--- START ---

(* The mode-m unfolding of the product is [M m *m Y_(m) *m Q], where [Q] is
   the Kronecker product of the other factors, up to column order. *)
Lemma mode_rank_mlmul (I J : 'I_N -> nat) (Y : tensor R J)
    (M : forall k, 'M[R]_(I k, J k)) (m : 'I_N) :
  (mode_rank (mlmul Y M) m <= mode_rank Y m)%N.
Proof.
pose Q : 'M[R]_(#|{: cidx J m}|, #|{: cidx I m}|) := \matrix_(c, c')
  \prod_(k : {k : 'I_N | k != m})
    M (val k) ((enum_val c' : cidx I m) k) ((enum_val c : cidx J m) k).
rewrite /mode_rank; suff -> : unfolding (mlmul Y M) m = M m *m unfolding Y m *m Q.
  exact: leq_trans (mxrankM_maxl _ _) (mxrankM_maxr _ _).
apply/matrixP => a c'; rewrite !mxE /mlmul (big_midx m).
under [RHS]eq_bigr do rewrite !mxE big_distrl /=.
rewrite [RHS]exchange_big /=; apply: eq_bigr => b _.
pose F e := M m a b * Y (fullidx b e) *
  \prod_(k : {k : 'I_N | k != m}) M (val k) ((enum_val c' : cidx I m) k) (e k).
transitivity (\sum_(e : cidx J m) F e).
  apply: eq_bigr => e _; rewrite (bigD1 m) //= !fullidx_at prod_neq_sig mulrAC.
  by congr (_ * _ * _); apply: eq_bigr => k _; rewrite !fullidx_off.
by rewrite -(big_enum_val F); apply: eq_bigr => c _; rewrite !mxE.
Qed.

Lemma subtensor_mlmul (I J : 'I_N -> nat) (X : tensor R I)
    (sigma : forall k, 'I_(J k) -> 'I_(I k)) :
  subtensor X sigma =1 mlmul X (fun k => rowsub (sigma k) 1%:M).
Proof.
move=> j; pose i0 : midx I := [ffun k => sigma k (j k)].
rewrite /mlmul (bigD1 i0) //= [s in _ + s]big1 ?addr0 => [|i /negPf ne].
  by rewrite big1 ?mul1r // => k _; rewrite !mxE ffunE eqxx.
under eq_bigr do rewrite !mxE.
rewrite prodr_natr_forall; suff /negPf -> : ~~ [forall k, sigma k (j k) == i k].
  by rewrite mul0r.
apply: contraFN ne => /forallP eqi.
by apply/eqP/ffunP => k; rewrite ffunE; apply/esym/eqP/eqi.
Qed.

End MultilinearProduct.

Section RowBasis.
Variables (F : fieldType) (m p : nat) (A : 'M[F]_(m, p)).

Definition rowbasis : {set 'I_m} := [set maxrankfun A t | t : 'I_(\rank A)].

Lemma card_rowbasis : #|rowbasis| = \rank A.
Proof. by rewrite card_imset ?cardsT ?card_ord //; apply: maxrankfun_inj. Qed.

Lemma rowbasis_span : (A <= rowsub (enum_val : 'I_#|rowbasis| -> 'I_m) A)%MS.
Proof.
rewrite -{1}(eq_maxrowsub A); apply/row_subP => t; rewrite row_rowsub.
have ft : maxrankfun A t \in rowbasis by apply: imset_f.
by rewrite -(enum_rankK_in ft ft) -row_rowsub row_sub.
Qed.

End RowBasis.

Definition nat_entry (V : nmodType) (p q : nat) (A : 'M[V]_(p, q)) (x y : nat) : V :=
  if (insub x : option 'I_p) is Some a then
    if (insub y : option 'I_q) is Some b then A a b else 0
  else 0.

Lemma nat_entryE (V : nmodType) (p q : nat) (A : 'M[V]_(p, q)) (a : 'I_p) (b : 'I_q) :
  nat_entry A a b = A a b.
Proof. by rewrite /nat_entry !valK. Qed.

Section ModeSelection.
Variables (R : realType) (N : nat) (I : 'I_N -> nat) (n : 'I_N) (S : {set 'I_(I n)}).

Definition seldim (k : 'I_N) : nat := if k == n then #|S| else I k.

Definition selpos (k : 'I_N) (x : nat) : nat :=
  if k == n then nth 0 [seq val i | i <- enum S] x else x.

Lemma seldim_at : seldim n = #|S|.
Proof. by rewrite /seldim eqxx. Qed.

Lemma seldim_off (k : 'I_N) : k != n -> seldim k = I k.
Proof. by rewrite /seldim => /negPf ->. Qed.

Lemma nth_val_enum (t : 'I_#|S|) : nth 0 [seq val i | i <- enum S] t = enum_val t.
Proof.
have i0 : 'I_(I n) by apply: enum_val t.
by rewrite (nth_map i0) ?(enum_val_nth i0) // -cardE.
Qed.

Lemma sorted_val_enum : sorted ltn [seq val i | i <- enum S].
Proof.
rewrite -[enum _](eq_filter (mem_enum _)) -(eq_filter (mem_map val_inj _)) -filter_map.
by rewrite (sorted_filter ltn_trans) // unlock val_ord_enum iota_ltn_sorted.
Qed.

Lemma selpos_lt (k : 'I_N) (j : 'I_(seldim k)) : (selpos k j < I k)%N.
Proof.
rewrite /selpos; have [kn|kn] := eqVneq k n; last by rewrite -(seldim_off kn).
by subst k; move: j; rewrite seldim_at => t; rewrite nth_val_enum.
Qed.

Definition selidx (k : 'I_N) (j : 'I_(seldim k)) : 'I_(I k) := Ordinal (selpos_lt j).

Lemma selidx_at (t : 'I_#|S|) : selidx (cast_ord (esym seldim_at) t) = enum_val t.
Proof. by apply: val_inj; rewrite /= /selpos eqxx nth_val_enum. Qed.

Lemma admissible_selidx : (forall k, 0 < I k)%N -> S != set0 -> admissible selidx.
Proof.
move=> I_gt0 S0 k; have [kn|kn] := eqVneq k n; last first.
  by split=> [||a b]; rewrite ?seldim_off //= /selpos (negPf kn).
subst k; split=> [||a b ab]; first by rewrite seldim_at card_gt0.
  by rewrite seldim_at -[leqRHS]card_ord max_card.
rewrite /= /selpos eqxx; apply: (sorted_ltn_nth ltn_trans 0%N sorted_val_enum) => //;
  by rewrite inE size_map -cardE -seldim_at ltn_ord.
Qed.

Definition selrest (i : midx I) : cidx seldim n :=
  [ffun k => cast_ord (esym (seldim_off (valP k))) (i (val k))].

Variable X : tensor R I.

Lemma subtensor_selrest (i : midx I) (b : 'I_(seldim n)) :
  subtensor X selidx (fullidx b (selrest i)) = X (fullidx (selidx b) (dropidx n i)).
Proof.
congr (X _); apply/ffunP => k; rewrite ffunE.
have [->|kn] := eqVneq k n; first by rewrite !fullidx_at.
have /= -> := fullidx_off b (selrest i) (exist _ k kn).
have /= -> := fullidx_off (selidx b) (dropidx n i) (exist _ k kn).
by apply: val_inj; rewrite /= /selpos (negPf kn) !ffunE.
Qed.

(* Off mode [n] the factor is an identity matrix, written on values since
   ['I_(seldim k)] and ['I_(I k)] are only propositionally equal. *)
Definition expand_mx (C : 'M[R]_(I n, #|S|)) (k : 'I_N) : 'M[R]_(I k, seldim k) :=
  \matrix_(a, b) if k == n then nat_entry C a b else (a == b :> nat)%:R.

Lemma prod_expand_mx (C : 'M[R]_(I n, #|S|)) (i : midx I) (b : 'I_(seldim n))
    (e : cidx seldim n) :
  \prod_k expand_mx C k (i k) (fullidx b e k)
  = nat_entry C (i n) b * (e == selrest i)%:R.
Proof.
rewrite (bigD1 n) //= mxE eqxx fullidx_at prod_neq_sig; congr (_ * _).
under eq_bigr => k _ do rewrite mxE (negPf (valP k)) fullidx_off.
rewrite prodr_natr_forall; congr (nat_of_bool _)%:R.
apply/idP/eqP => [/forallP eq_e|->].
  by apply/ffunP => k; apply: val_inj; rewrite ffunE /=; apply/esym/eqP/eq_e.
by apply/forallP => k; rewrite ffunE.
Qed.

Lemma expand_subtensor (C : 'M[R]_(I n, #|S|)) :
  unfolding X n = C *m rowsub (enum_val : 'I_#|S| -> 'I_(I n)) (unfolding X n) ->
  X =1 mlmul (subtensor X selidx) (expand_mx C).
Proof.
move=> defXn i; rewrite /mlmul (big_midx n).
transitivity (\sum_(b : 'I_(seldim n)) nat_entry C (i n) b *
                X (fullidx (selidx b) (dropidx n i))); last first.
  apply: eq_bigr => b _.
  rewrite (bigD1 (selrest i)) //= [s in _ + s]big1 => [|e /negPf ne].
    by rewrite prod_expand_mx eqxx mulr1 addr0 subtensor_selrest.
  by rewrite prod_expand_mx ne mulr0 mul0r.
rewrite -{1}(dropidxK n i).
have /matrixP/(_ (i n) (enum_rank (dropidx n i))) := defXn.
rewrite !mxE enum_rankK => ->.
rewrite (reindex (cast_ord (esym seldim_at))) /=; last first.
  by exists (cast_ord seldim_at) => t _; rewrite ?cast_ordK ?cast_ordKV.
by apply: eq_bigr => t _; rewrite !mxE enum_rankK selidx_at nat_entryE.
Qed.

Lemma mode_rank_subtensor_selidx :
  (unfolding X n <= rowsub (enum_val : 'I_#|S| -> 'I_(I n)) (unfolding X n))%MS ->
  forall m, mode_rank (subtensor X selidx) m = mode_rank X m.
Proof.
case/submxP => C /expand_subtensor defX m.
apply/eqP; rewrite eqn_leq; apply/andP; split.
  by rewrite (eq_mode_rank m (subtensor_mlmul X selidx)) mode_rank_mlmul.
by rewrite {1}(eq_mode_rank m defX) mode_rank_mlmul.
Qed.

End ModeSelection.

Lemma mode_rank_gt0 (R : realType) (N : nat) (I : 'I_N -> nat) (X : tensor R I)
    (i : midx I) (n : 'I_N) :
  X i != 0 -> (0 < mode_rank X n)%N.
Proof.
move=> Xi; rewrite lt0n mxrank_eq0; apply: contra Xi => /eqP/matrixP.
by move/(_ (i n) (enum_rank (dropidx n i))); rewrite !mxE enum_rankK dropidxK => ->.
Qed.

Lemma has_rank_subtensor_mode (R : realType) (N : nat) (I : 'I_N -> nat)
    (r : forall J : 'I_N -> nat, tensor R J -> nat) (X : tensor R I) (n : 'I_N) :
  (exists i, X i != 0) ->
  (forall J (Y : tensor R J),
     (forall m, mode_rank Y m = mode_rank X m) -> r J Y = r I X) ->
  r I X = mode_rank X n -> has_rank_subtensor r X.
Proof.
case=> i Xi r_modes rXn; pose S := rowbasis (unfolding X n).
have eq_ranks := mode_rank_subtensor_selidx (rowbasis_span (unfolding X n)).
exists (seldim S), (@selidx _ _ _ S); split; [|split].
- apply: admissible_selidx => [k|].
    exact: leq_ltn_trans (leq0n _) (ltn_ord (i k)).
  by rewrite -card_gt0 card_rowbasis; apply: mode_rank_gt0 Xi.
- by rewrite r_modes.
- by exists n; rewrite r_modes // rXn seldim_at card_rowbasis.
Qed.

Lemma submax_mem (s : seq nat) : s != [::] -> submax s \in s.
Proof.
rewrite /submax; case: ifP => [|s_gt1 _].
  by case: s => //= a s _ _; apply: mem_head.
by rewrite -(mem_sort geq) mem_nth // size_sort ltnNge s_gt1.
Qed.

Unset Implicit Arguments.
Set Strict Implicit.

Theorem corollary3p6 (R : realType) (N : nat) (I : 'I_N -> nat)
  (HN : (0 < N)%N) (X : tensor R I) (HX : exists i : midx I, X i != 0) :
  has_rank_subtensor (fun J (Y : tensor R J) => max_rank Y) X /\
  has_rank_subtensor (fun J (Y : tensor R J) => submax_rank Y) X.
Proof.
split.
  have N_gt0 : (0 < #|'I_N|)%N by rewrite card_ord.
  have [n0 maxX] := bigop.eq_bigmax (mode_rank X) N_gt0.
  apply: (has_rank_subtensor_mode (n := n0) HX) => // J Y eqY.
  by apply: eq_bigr => m _; apply: eqY.
have : submax_rank X \in [seq mode_rank X n | n <- enum 'I_N].
  by apply: submax_mem; rewrite -size_eq0 size_map size_enum_ord -lt0n.
case/mapP => n1 _ submaxX.
apply: (has_rank_subtensor_mode (n := n1) HX) => // J Y eqY.
by rewrite /submax_rank (eq_map eqY).
Qed.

--- END ---

*About this task*
Each line, beginning at the one that contains "has_rank_subtensor (fun J (Y : tensor R J) => max_rank" and continuing through the end of the records, must be written out exactly, first and last included.

*Written reply*
  has_rank_subtensor (fun J (Y : tensor R J) => max_rank Y) X /\
  has_rank_subtensor (fun J (Y : tensor R J) => submax_rank Y) X.
Proof.
split.
  have N_gt0 : (0 < #|'I_N|)%N by rewrite card_ord.
  have [n0 maxX] := bigop.eq_bigmax (mode_rank X) N_gt0.
  apply: (has_rank_subtensor_mode (n := n0) HX) => // J Y eqY.
  by apply: eq_bigr => m _; apply: eqY.
have : submax_rank X \in [seq mode_rank X n | n <- enum 'I_N].
  by apply: submax_mem; rewrite -size_eq0 size_map size_enum_ord -lt0n.
case/mapP => n1 _ submaxX.
apply: (has_rank_subtensor_mode (n := n1) HX) => // J Y eqY.
by rewrite /submax_rank (eq_map eqY).
Qed.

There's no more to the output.